Segment Open

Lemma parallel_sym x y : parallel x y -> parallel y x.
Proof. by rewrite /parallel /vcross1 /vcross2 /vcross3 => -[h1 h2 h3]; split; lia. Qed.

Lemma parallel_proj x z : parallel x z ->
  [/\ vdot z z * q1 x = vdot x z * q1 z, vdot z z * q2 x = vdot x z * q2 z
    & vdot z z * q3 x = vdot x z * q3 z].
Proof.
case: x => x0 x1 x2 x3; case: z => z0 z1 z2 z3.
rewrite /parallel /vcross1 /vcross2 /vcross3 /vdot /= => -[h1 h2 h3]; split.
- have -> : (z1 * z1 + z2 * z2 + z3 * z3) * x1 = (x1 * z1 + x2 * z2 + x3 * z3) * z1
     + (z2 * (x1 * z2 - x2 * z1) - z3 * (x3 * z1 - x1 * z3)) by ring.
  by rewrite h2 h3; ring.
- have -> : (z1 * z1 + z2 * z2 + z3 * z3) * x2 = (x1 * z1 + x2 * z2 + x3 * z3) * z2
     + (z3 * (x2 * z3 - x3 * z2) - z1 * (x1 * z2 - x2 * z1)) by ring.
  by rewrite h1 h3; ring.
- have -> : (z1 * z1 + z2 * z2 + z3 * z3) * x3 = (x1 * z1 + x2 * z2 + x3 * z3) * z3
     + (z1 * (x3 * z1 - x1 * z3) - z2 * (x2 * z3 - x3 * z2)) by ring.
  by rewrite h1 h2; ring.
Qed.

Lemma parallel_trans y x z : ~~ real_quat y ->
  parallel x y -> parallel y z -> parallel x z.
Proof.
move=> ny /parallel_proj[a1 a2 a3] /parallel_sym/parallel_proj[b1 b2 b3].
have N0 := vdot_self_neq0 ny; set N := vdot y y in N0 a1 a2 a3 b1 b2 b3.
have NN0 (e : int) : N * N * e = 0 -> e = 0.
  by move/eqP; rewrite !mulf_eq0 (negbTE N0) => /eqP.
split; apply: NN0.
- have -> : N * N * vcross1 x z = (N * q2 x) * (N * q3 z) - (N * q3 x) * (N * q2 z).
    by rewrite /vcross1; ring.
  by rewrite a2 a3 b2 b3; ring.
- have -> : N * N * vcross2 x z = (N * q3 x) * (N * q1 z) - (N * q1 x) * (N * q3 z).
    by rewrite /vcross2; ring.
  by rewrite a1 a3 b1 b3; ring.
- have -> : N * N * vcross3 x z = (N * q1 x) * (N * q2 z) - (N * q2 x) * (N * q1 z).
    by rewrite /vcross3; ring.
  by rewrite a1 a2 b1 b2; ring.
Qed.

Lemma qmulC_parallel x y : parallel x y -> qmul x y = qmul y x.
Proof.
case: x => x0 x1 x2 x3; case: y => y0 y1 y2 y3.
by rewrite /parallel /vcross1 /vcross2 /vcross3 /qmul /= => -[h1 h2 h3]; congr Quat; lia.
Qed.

Segment Closed
Segment Open

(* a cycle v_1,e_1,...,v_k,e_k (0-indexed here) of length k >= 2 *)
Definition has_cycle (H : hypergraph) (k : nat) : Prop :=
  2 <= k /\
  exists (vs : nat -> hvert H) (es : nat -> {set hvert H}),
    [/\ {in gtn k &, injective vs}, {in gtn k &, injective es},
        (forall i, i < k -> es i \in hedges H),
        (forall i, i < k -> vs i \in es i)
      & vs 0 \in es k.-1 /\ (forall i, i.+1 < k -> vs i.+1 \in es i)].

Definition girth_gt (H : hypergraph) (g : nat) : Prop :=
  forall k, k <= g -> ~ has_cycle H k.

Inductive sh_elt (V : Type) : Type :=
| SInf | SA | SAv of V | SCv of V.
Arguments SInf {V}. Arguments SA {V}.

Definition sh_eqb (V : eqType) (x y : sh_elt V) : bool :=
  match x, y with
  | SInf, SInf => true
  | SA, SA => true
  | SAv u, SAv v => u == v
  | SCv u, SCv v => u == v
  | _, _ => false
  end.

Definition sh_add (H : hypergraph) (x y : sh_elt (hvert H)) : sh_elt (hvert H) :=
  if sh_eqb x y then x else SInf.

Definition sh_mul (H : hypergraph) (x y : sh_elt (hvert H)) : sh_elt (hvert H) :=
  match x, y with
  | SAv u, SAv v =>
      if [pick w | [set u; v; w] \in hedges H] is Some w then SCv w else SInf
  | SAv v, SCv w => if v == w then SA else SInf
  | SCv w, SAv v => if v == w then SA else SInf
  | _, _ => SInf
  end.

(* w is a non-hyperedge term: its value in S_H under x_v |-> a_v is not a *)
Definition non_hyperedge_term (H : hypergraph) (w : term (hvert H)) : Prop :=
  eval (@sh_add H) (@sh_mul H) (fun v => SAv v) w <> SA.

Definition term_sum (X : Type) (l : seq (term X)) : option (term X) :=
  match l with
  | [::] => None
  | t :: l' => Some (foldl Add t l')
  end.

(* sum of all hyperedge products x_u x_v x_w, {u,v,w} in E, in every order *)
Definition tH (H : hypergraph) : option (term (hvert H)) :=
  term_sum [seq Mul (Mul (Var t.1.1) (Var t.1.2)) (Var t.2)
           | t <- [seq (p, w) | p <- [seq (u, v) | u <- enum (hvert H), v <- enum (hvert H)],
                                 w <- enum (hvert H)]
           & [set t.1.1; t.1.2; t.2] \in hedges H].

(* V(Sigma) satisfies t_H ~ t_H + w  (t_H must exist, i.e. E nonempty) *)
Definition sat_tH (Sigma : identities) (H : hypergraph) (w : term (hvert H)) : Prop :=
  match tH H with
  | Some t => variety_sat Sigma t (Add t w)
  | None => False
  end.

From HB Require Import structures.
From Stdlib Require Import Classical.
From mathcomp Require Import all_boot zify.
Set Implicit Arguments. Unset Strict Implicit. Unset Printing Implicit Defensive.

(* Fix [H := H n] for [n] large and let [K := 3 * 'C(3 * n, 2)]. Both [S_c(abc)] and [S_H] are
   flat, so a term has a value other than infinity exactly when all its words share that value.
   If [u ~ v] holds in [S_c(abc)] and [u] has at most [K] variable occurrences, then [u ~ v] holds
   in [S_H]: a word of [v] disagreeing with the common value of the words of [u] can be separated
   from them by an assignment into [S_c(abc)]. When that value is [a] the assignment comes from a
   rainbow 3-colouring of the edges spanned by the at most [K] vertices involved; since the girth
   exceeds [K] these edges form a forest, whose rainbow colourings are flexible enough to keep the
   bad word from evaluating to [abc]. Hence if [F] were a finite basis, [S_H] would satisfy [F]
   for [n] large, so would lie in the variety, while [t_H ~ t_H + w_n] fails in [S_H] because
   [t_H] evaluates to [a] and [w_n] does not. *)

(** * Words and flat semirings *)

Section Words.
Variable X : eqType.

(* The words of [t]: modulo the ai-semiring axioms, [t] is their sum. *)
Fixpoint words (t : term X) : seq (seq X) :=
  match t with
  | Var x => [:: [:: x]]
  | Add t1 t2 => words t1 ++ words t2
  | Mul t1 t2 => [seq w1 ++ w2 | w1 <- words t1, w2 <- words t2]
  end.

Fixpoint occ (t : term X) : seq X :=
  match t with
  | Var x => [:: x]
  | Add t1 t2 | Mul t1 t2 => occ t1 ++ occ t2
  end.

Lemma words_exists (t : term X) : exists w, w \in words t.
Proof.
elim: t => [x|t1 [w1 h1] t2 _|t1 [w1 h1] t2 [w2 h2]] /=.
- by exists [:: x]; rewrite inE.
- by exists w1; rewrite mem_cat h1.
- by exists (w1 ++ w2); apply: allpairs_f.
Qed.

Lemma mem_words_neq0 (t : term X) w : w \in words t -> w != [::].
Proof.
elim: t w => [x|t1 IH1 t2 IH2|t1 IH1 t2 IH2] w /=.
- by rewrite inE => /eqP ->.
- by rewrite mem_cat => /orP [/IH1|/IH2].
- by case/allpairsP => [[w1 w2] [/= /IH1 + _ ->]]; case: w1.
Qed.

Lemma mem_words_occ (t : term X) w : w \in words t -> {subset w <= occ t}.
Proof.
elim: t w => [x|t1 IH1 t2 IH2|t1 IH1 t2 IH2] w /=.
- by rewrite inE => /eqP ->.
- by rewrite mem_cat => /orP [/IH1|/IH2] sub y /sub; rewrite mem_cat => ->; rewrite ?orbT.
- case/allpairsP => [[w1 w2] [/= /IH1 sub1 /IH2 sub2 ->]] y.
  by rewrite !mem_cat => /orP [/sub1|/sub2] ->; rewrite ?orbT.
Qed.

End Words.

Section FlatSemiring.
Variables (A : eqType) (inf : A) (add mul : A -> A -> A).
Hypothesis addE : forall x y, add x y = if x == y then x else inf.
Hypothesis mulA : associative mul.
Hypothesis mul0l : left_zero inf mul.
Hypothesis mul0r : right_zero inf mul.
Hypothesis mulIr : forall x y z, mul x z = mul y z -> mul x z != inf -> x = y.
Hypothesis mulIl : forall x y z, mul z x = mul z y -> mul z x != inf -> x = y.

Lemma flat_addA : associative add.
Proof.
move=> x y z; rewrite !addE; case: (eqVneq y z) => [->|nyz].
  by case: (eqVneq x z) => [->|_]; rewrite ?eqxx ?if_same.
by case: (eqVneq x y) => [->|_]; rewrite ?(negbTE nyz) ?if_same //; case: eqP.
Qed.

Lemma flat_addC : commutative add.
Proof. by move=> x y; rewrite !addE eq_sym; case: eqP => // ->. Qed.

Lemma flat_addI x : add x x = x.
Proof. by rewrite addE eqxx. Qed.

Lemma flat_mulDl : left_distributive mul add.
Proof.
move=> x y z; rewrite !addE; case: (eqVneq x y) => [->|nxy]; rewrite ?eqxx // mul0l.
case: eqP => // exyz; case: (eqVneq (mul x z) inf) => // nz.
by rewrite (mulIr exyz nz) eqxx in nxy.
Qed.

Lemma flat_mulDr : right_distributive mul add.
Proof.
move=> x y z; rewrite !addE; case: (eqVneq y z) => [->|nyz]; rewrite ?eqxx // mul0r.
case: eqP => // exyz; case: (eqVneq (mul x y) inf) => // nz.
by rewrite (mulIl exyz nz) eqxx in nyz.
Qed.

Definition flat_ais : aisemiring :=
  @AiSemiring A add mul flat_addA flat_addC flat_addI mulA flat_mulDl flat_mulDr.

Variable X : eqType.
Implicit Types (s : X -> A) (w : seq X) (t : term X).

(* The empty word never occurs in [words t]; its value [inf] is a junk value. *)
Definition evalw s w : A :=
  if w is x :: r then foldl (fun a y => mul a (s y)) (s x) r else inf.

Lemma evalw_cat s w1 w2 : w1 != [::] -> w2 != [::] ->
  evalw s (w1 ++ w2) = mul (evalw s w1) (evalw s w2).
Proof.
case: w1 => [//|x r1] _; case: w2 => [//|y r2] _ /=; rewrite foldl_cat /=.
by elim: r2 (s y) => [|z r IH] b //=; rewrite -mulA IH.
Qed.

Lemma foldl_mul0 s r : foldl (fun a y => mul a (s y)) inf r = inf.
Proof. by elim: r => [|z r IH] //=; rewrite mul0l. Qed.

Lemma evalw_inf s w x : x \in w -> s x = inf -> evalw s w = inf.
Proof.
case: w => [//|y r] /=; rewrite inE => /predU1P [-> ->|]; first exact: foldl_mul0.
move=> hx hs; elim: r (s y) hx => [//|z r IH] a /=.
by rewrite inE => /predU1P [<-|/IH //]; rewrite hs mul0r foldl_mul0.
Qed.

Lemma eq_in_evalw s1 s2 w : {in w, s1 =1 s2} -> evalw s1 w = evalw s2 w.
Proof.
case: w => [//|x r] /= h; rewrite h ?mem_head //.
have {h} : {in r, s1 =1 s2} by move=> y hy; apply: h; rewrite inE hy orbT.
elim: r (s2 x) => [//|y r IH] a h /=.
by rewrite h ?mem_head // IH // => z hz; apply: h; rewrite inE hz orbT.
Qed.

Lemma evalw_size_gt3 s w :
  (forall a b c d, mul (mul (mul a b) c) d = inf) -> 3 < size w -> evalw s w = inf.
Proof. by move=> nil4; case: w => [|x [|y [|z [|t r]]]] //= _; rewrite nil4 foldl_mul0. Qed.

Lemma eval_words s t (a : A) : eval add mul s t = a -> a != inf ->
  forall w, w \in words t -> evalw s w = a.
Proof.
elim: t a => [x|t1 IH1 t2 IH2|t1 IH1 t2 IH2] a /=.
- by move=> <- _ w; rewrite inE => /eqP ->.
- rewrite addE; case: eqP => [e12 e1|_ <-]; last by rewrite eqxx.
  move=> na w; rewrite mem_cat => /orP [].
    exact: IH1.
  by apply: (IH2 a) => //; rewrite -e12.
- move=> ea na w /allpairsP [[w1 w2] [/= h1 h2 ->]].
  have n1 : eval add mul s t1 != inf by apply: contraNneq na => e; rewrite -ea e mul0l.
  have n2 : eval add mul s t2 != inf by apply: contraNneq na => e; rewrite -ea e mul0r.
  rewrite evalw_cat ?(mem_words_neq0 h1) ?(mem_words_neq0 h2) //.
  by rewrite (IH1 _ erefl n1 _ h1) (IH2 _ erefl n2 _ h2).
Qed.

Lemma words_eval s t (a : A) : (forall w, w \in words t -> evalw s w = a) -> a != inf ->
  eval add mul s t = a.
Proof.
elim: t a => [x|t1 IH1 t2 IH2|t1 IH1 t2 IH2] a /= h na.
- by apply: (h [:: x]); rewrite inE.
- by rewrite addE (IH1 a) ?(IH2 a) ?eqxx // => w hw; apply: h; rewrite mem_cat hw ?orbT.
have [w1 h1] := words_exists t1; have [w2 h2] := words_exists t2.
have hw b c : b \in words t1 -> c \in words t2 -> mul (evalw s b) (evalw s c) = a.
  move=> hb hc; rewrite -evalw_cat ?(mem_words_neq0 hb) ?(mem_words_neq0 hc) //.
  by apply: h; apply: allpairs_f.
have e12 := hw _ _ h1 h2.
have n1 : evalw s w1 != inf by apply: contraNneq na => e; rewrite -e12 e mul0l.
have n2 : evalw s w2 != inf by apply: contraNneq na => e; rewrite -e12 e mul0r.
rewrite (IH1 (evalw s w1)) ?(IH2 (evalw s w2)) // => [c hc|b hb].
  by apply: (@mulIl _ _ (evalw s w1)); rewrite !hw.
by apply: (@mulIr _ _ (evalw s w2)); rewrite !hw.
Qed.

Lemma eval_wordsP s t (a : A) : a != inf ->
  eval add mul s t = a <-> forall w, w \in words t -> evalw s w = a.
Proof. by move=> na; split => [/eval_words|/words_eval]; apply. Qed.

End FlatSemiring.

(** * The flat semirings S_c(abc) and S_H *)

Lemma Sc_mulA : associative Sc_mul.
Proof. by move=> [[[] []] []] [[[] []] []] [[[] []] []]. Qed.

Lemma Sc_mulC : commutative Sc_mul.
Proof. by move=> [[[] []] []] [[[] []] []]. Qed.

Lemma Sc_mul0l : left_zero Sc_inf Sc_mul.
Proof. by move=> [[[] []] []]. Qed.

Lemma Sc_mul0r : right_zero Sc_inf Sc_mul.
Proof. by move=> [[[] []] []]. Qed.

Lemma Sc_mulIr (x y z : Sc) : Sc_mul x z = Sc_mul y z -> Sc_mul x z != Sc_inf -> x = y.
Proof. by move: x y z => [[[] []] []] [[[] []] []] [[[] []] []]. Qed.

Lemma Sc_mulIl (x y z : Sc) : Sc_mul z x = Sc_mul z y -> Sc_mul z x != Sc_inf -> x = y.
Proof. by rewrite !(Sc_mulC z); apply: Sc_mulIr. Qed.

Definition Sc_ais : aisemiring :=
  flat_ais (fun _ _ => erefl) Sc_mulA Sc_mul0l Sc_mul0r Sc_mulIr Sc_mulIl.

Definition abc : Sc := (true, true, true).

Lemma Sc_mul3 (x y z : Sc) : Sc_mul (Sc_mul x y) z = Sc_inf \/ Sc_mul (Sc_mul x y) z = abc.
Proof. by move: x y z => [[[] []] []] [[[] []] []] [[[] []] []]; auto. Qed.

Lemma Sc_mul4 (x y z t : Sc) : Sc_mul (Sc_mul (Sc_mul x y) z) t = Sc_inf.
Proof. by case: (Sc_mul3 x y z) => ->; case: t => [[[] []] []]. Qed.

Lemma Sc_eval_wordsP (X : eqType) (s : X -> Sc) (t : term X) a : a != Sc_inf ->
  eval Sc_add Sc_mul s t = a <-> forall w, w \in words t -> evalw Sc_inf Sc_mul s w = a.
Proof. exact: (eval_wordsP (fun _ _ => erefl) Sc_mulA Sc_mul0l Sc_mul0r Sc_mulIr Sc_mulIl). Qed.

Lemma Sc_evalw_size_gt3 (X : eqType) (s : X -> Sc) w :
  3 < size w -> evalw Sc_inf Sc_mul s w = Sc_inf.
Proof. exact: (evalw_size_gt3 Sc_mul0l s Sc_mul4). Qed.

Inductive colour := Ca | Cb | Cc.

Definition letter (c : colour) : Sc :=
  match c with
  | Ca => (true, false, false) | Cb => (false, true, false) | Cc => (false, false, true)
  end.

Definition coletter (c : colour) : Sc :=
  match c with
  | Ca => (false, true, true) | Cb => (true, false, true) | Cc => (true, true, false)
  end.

Segment Closed
Segment Open

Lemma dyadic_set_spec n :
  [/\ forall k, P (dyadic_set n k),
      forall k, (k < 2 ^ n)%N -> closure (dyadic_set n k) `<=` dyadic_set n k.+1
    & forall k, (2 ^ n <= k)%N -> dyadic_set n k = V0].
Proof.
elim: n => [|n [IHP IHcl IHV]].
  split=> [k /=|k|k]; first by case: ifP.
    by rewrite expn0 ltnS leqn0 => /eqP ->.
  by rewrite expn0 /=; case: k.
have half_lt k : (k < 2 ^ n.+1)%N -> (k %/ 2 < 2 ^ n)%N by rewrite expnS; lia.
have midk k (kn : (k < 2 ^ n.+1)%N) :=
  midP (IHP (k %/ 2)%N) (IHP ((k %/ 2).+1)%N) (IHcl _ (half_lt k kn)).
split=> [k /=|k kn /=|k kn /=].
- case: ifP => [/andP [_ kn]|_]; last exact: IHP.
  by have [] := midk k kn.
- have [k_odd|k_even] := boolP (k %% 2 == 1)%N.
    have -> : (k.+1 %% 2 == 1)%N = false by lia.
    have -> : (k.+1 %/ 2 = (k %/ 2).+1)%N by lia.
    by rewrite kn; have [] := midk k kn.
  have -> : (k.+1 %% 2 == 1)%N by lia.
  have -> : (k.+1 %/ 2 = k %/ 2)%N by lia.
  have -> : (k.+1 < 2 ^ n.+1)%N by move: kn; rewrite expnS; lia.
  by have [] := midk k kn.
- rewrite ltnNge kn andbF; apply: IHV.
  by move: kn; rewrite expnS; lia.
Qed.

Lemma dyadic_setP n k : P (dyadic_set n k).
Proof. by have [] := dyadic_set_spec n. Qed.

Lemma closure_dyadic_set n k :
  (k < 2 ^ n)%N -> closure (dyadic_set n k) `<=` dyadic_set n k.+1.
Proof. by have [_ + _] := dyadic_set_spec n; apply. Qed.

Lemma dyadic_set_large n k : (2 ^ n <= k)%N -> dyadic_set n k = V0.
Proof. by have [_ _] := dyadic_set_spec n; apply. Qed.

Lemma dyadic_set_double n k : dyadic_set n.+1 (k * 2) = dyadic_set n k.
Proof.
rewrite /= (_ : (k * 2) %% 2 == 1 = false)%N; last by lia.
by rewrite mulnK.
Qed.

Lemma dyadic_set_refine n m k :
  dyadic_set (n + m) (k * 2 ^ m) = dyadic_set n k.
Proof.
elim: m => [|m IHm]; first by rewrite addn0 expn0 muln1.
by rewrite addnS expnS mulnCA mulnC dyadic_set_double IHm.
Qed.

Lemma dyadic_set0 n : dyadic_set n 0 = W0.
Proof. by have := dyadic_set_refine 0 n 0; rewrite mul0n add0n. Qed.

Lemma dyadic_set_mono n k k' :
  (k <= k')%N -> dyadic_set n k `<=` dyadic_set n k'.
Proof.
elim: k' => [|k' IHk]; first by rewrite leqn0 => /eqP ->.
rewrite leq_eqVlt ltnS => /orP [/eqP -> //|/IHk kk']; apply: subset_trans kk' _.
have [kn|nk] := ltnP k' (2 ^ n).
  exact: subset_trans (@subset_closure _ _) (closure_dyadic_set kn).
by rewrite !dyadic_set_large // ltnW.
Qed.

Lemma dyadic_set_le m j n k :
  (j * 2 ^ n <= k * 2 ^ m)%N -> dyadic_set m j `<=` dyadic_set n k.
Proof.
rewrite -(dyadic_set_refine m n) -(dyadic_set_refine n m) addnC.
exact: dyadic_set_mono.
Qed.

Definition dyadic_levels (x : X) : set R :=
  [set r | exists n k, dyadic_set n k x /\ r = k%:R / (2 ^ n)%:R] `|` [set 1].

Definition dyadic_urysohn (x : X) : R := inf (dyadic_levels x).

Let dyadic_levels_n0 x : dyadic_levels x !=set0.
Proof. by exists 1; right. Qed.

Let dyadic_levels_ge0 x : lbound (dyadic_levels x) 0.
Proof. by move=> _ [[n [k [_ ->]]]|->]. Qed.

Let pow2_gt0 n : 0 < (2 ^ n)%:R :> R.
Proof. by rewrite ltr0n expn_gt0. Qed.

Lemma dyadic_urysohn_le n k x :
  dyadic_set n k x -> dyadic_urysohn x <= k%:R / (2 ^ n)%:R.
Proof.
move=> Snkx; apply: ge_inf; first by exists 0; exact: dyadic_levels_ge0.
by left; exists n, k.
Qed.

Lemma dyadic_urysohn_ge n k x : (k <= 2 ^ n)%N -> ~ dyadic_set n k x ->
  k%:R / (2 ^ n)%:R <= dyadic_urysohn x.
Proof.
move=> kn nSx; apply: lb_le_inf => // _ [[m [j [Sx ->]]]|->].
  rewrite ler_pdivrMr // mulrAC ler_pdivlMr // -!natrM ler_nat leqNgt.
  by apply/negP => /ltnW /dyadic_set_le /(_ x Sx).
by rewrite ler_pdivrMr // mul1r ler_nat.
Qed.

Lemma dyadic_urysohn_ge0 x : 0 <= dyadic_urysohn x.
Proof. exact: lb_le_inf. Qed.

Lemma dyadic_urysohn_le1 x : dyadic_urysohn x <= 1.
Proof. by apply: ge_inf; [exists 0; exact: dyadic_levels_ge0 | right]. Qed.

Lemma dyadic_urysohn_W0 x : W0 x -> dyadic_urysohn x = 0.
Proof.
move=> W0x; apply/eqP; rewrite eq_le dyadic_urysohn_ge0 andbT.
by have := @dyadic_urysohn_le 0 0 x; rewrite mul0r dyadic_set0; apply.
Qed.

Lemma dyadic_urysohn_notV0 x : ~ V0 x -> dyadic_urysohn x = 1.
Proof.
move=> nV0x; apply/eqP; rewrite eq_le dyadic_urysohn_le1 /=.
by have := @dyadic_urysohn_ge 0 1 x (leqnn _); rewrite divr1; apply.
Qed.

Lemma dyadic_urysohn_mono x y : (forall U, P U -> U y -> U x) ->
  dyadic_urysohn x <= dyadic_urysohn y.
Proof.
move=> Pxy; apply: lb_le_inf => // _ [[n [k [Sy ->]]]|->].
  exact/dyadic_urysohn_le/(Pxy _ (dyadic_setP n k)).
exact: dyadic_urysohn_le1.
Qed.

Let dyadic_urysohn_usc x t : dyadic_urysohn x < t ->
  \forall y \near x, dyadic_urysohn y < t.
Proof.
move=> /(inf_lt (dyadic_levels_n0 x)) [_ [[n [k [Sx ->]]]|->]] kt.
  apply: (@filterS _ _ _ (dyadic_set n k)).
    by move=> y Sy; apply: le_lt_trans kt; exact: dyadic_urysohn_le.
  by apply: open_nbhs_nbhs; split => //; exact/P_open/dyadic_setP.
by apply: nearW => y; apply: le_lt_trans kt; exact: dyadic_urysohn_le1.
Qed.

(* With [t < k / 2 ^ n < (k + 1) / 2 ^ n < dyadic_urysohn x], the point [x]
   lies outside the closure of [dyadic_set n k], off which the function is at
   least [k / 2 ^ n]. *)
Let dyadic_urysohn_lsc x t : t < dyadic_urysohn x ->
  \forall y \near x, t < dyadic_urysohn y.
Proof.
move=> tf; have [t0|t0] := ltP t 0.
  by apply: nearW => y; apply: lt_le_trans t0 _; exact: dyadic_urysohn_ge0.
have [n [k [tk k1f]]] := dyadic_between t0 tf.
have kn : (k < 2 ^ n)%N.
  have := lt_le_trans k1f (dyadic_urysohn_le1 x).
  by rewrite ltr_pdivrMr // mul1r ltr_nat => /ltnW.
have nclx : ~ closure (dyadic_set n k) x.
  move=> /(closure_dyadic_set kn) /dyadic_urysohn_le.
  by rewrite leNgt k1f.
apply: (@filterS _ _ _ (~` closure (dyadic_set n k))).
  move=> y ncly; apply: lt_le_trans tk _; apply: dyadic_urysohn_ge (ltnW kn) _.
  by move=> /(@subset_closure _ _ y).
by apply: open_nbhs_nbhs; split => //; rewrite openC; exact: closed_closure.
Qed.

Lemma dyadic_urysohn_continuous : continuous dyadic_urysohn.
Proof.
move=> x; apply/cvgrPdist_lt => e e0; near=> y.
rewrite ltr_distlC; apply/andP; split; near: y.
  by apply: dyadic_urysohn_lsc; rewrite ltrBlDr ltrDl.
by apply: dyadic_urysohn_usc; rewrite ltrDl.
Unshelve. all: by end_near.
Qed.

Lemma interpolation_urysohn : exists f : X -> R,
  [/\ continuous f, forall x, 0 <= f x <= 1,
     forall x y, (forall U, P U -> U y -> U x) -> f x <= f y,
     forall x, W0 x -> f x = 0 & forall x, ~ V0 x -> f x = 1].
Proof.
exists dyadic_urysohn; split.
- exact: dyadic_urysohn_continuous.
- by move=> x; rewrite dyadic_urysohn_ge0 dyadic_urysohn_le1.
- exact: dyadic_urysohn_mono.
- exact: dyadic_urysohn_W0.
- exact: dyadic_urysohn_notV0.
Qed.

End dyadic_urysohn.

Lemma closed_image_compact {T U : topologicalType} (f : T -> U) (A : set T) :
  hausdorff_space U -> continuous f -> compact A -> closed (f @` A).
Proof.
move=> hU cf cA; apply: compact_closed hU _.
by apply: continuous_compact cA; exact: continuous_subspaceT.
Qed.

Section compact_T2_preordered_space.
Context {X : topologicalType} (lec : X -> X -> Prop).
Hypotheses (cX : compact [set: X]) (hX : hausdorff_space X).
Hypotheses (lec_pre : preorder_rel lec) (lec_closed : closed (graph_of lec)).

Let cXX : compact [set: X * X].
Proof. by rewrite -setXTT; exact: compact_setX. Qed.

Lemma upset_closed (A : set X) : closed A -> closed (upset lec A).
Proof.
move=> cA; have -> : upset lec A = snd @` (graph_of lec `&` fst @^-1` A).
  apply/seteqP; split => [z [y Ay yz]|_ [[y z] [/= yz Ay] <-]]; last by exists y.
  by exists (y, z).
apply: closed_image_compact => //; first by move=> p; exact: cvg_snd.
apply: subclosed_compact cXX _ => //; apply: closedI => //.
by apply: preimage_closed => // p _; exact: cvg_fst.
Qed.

Segment Closed

▶ _Work request_
Copy out each line of the records where the word "Some" appears.

▶ _Your solution_
      if [pick w | [set u; v; w] \in hedges H] is Some w then SCv w else SInf
  | t :: l' => Some (foldl Add t l')
  | Some t => variety_sat Sigma t (Add t w)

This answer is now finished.